#### [What you are asked to do]
Count the lines below that contain the word "vertex", and reply with only that number.

#### [The records]
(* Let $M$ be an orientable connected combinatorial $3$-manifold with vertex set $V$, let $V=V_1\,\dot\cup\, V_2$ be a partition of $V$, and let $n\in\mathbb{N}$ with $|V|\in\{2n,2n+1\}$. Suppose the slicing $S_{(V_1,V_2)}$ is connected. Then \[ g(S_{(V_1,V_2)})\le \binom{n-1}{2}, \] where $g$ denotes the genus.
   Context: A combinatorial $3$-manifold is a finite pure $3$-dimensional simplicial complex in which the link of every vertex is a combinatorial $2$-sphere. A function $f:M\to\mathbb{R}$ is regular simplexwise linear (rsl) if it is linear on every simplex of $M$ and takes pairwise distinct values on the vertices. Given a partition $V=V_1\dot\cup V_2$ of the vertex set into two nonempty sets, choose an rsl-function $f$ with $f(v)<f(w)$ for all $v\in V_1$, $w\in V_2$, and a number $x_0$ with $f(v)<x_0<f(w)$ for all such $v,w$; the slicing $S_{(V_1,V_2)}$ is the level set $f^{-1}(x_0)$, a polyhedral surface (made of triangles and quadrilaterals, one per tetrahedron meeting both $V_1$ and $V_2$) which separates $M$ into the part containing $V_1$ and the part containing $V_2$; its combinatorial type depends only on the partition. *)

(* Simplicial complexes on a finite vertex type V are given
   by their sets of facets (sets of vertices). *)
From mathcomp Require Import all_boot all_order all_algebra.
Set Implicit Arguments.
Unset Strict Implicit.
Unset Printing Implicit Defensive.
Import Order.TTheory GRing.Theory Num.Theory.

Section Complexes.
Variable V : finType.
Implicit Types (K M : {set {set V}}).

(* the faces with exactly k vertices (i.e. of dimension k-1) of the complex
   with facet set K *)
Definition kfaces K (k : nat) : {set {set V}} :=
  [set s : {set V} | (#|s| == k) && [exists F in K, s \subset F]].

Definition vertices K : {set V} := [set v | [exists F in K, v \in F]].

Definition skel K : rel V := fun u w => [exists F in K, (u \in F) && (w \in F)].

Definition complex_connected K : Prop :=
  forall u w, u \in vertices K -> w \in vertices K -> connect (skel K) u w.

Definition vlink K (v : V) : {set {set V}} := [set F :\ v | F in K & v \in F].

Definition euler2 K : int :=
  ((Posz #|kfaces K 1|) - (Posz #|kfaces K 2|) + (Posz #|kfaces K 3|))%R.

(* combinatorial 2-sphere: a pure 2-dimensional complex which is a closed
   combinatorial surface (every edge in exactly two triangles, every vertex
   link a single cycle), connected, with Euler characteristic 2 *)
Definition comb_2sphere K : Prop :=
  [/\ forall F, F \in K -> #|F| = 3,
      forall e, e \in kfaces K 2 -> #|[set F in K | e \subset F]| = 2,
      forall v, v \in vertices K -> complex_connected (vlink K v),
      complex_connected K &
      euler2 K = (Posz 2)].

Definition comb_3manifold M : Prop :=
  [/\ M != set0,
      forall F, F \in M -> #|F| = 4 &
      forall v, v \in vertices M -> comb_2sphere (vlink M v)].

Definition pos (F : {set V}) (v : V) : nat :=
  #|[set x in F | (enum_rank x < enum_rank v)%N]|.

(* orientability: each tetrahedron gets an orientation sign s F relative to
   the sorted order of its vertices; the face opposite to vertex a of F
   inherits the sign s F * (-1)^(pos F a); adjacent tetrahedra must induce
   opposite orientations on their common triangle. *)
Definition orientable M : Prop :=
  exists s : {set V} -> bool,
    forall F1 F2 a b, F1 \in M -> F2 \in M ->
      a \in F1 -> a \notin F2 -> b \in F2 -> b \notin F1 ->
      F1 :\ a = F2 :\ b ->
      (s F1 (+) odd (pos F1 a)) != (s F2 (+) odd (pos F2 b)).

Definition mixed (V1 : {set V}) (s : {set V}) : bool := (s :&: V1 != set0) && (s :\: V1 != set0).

#### [Result for this task]
5